I don't know much after looking at the data... but that's slowly coming around too, along with everything else. I didn't mean to imply that I expect a sale from a limited campaign. I didn't even include any tracking data, so to be fair I should shut up now.

It seems odd however, that many of the multiple requests for my index page are clustered around that campaign.

**.**.***.179 16/Apr/2004:00:59:14
**.**.***.179 16/Apr/2004:01:02:25
**.**.***.179 16/Apr/2004:01:04:37
**.**.***.179 16/Apr/2004:01:13:02

4 clicks in 15 minutes using Google search, for a phrase that contained one of my keywords but was not relevant to my site. The only place those could have come from was AdWords. That same search phrase does not return my site in organic serps.

That's just one example.

d_stew

8:02 pm on Apr 20, 2004 (gmt 0)

10+ Year Member



grandpa -

I would take a serious look at your keywords. In fact, this is the first thing that I would be inclined to reevaluate.

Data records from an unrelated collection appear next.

Lemma exp_le_mono a b : a <= b -> exp a <= exp b.
Proof. intros [H | ->]; [left; apply exp_increasing; auto | lra]. Qed.

Lemma exp_lipschitz_nonpos a b t : 1 / 2 <= a -> 1 / 2 <= b -> t <= 0 ->
  Rabs (exp (a * t) - exp (b * t)) <= 2 * Rabs (a - b).
Proof.
  intros Ha Hb Ht.
  assert (Hte : - t * exp (t / 2) <= 2).
  { pose proof (exp_ineq1_le (- t / 2)). pose proof (exp_pos (t / 2)).
    assert (exp (t / 2) * exp (- t / 2) = 1)
      by (rewrite <- exp_plus, <- exp_0; f_equal; field).
    nra. }
  assert (Key : forall a b, 1 / 2 <= a -> a <= b ->
            Rabs (exp (a * t) - exp (b * t)) <= 2 * Rabs (a - b)).
  { clear a b Ha Hb. intros a b Ha Hab.
    assert (Hmono : exp (b * t) <= exp (a * t)) by (apply exp_le_mono; nra).
    assert (Hmvt : exp (a * t) - exp (b * t) <= (b - a) * (- t) * exp (a * t)).
    { pose proof (exp_ineq1_le ((b - a) * t)) as H. pose proof (exp_pos (a * t)).
      replace (exp (b * t)) with (exp (a * t) * exp ((b - a) * t))
        by (rewrite <- exp_plus; f_equal; ring).
      nra. }
    assert (- t * exp (a * t) <= 2).
    { assert (exp (a * t) <= exp (t / 2)) by (apply exp_le_mono; nra). nra. }
    rewrite Rabs_pos_eq by lra. rewrite Rabs_minus_sym, Rabs_pos_eq by lra. nra. }
  destruct (Rle_dec a b); [apply Key; auto|].
  rewrite Rabs_minus_sym, (Rabs_minus_sym a). apply Key; lra.
Qed.

Lemma is_RInt_gen_primitive_pinfty (f F : R -> R) (a L : R) :
  (forall y, is_derive F y (f y)) -> (forall y, continuous f y) ->
  is_lim F p_infty L ->
  is_RInt_gen f (at_point a) (Rbar_locally p_infty) (L - F a).
Proof.
  intros HF Hf HL P [eps HP].
  apply is_lim_spec in HL. destruct (HL eps) as [M HM].
  exists (fun u => u = a) (fun b => M < b); [reflexivity | exists M; auto |].
  intros u b -> Hb. exists (F b - F a). split.
  - apply (is_RInt_derive F f); auto.
  - apply HP. specialize (HM b Hb).
    unfold ball; simpl; unfold AbsRing_ball, abs, minus, plus, opp; simpl.
    replace (F b - F a + - (L - F a)) with (F b - L) by ring. exact HM.
Qed.

Lemma is_RInt_gen_pinfty_truncate (f : R -> R) (a L : R) :
  is_RInt_gen f (at_point a) (Rbar_locally p_infty) L ->
  forall eta, 0 < eta -> exists M, forall b, M < b ->
    exists I, is_RInt f a b I /\ Rabs (I - L) < eta.
Proof.
  intros H eta Heta.
  destruct (H (fun I => Rabs (I - L) < eta)) as [Q R' HQ [M HM] HP].
  { exists (mkposreal eta Heta). intros I HI. exact HI. }
  exists M. intros b Hb. exact (HP a b HQ (HM b Hb)).
Qed.

Lemma is_lim_mult_finite (f g : R -> R) x (a b : R) :
  is_lim f x a -> is_lim g x b -> is_lim (fun y => f y * g y) x (a * b).
Proof. intros Hf Hg. exact (is_lim_mult f g x a b Hf Hg I). Qed.

Lemma is_lim_exp_affine_pinfty a b : a < 0 -> is_lim (fun y => exp (a * y + b)) p_infty 0.
Proof.
  intros Ha. apply (is_lim_comp_lin exp a b p_infty 0); [|lra].
  replace (Rbar_plus (Rbar_mult a p_infty) b) with m_infty; [apply is_lim_exp_m|].
  rewrite Rbar_mult_comm. simpl. case Rle_dec; intro Hd; [exfalso; lra | reflexivity].
Qed.

Lemma is_derive_comp_opp (f : R -> R) a v :
  is_derive f (- a) v -> is_derive (fun y => f (- y)) a (- v).
Proof.
  intros Hf. replace (- v) with (scal (-1) v) by (unfold scal; simpl; unfold mult; simpl; ring).
  apply (is_derive_comp f Ropp); auto.
  apply (is_derive_ext (fun y => - y)); [reflexivity|]. auto_derive; auto; ring.
Qed.

Lemma is_RInt_gen_reflect (f g : R -> R) a L :
  (forall y, g y = - f (- y)) ->
  is_RInt_gen f (Rbar_locally m_infty) (at_point (- a)) L ->
  is_RInt_gen g (at_point a) (Rbar_locally p_infty) (- L).
Proof.
  intros Hg Hf P [eps HP].
  destruct (Hf (fun v => P (- v))) as [Q R' [M HQ] HR HQR].
  { exists eps. intros v Hv. apply HP.
    change (Rabs (- v - - L) < eps). rewrite <- Rabs_Ropp.
    replace (- (- v - - L)) with (v - L) by ring. exact Hv. }
  exists (fun u => u = a) (fun b => Q (- b));
    [reflexivity | exists (- M); intros b Hb; apply HQ; lra |].
  intros u b -> Hb. destruct (HQR (- b) (- a) Hb HR) as [I [HI HPI]].
  exists (- I). split; [|exact HPI].
  apply is_RInt_swap, is_RInt_comp_opp in HI.
  eapply is_RInt_ext; [| exact HI]. intros y _. rewrite Hg. reflexivity.
Qed.

(** * A Gronwall bound for Volterra equations *)

Section Volterra.

Variables (w U : R -> R) (C Km : R) (K : R -> R -> R).
Hypothesis w_ge0 : forall y, 0 <= w y.
Hypothesis w_cont : forall y, continuous w y.
Hypothesis U_derive : forall y, is_derive U y (- w y).
Hypothesis U_bounds : forall y, 0 <= U y <= C.
Hypothesis Km_pos : 0 < Km.
Hypothesis K_bound : forall x y, x <= y -> Rabs (K x y) <= Km.

Definition approx_solution (r : R -> R) (sig : R) : Prop :=
  forall x eta, 0 < eta -> exists b I, x <= b /\
    is_RInt (fun y => K x y * w y * r y) x b I /\ Rabs (r x - I) <= sig + eta.

Lemma is_RInt_weight_exp L x b : 0 < L ->
  is_RInt (fun y => w y * exp (L * U y)) x b ((exp (L * U x) - exp (L * U b)) / L).
Proof.
  intros HL.
  replace ((exp (L * U x) - exp (L * U b)) / L)
    with (minus (- exp (L * U b) / L) (- exp (L * U x) / L))
    by (unfold minus, plus, opp; simpl; field; lra).
  apply (is_RInt_derive (fun y => - exp (L * U y) / L)).
  - intros y _.
    apply (is_derive_ext (fun y => (- / L) * exp (L * U y))); [intros; simpl; field; lra|].
    evar (v : R). replace (w y * exp (L * U y)) with v.
    + apply (is_derive_scal (fun y => exp (L * U y))).
      apply (is_derive_comp exp (fun y => L * U y)); [apply is_derive_exp|].
      apply (is_derive_scal U). apply U_derive.
    + unfold v, scal; simpl; unfold mult; simpl. field. lra.
  - intros y _. apply (continuous_mult w (fun y => exp (L * U y))); [apply w_cont|].
    apply (continuous_comp (fun y => L * U y) exp).
    + apply (continuous_scal_r L U). apply (ex_derive_continuous U).
      eexists; apply U_derive.
    + apply (ex_derive_continuous exp). auto_derive. auto.
Qed.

If you're getting clicks, but those click are not turning into sales, then the people clicking your ads are probably expecting something other than what you're offering.

DingoNY

9:39 pm on Apr 20, 2004 (gmt 0)

10+ Year Member



Thanks AWA - good to know you guys are watching out for us.

I ended up with a ton of small sales yesterday based on that incredible volume. I didn't necessarily make a ton of profit - but I didn't lose money at least.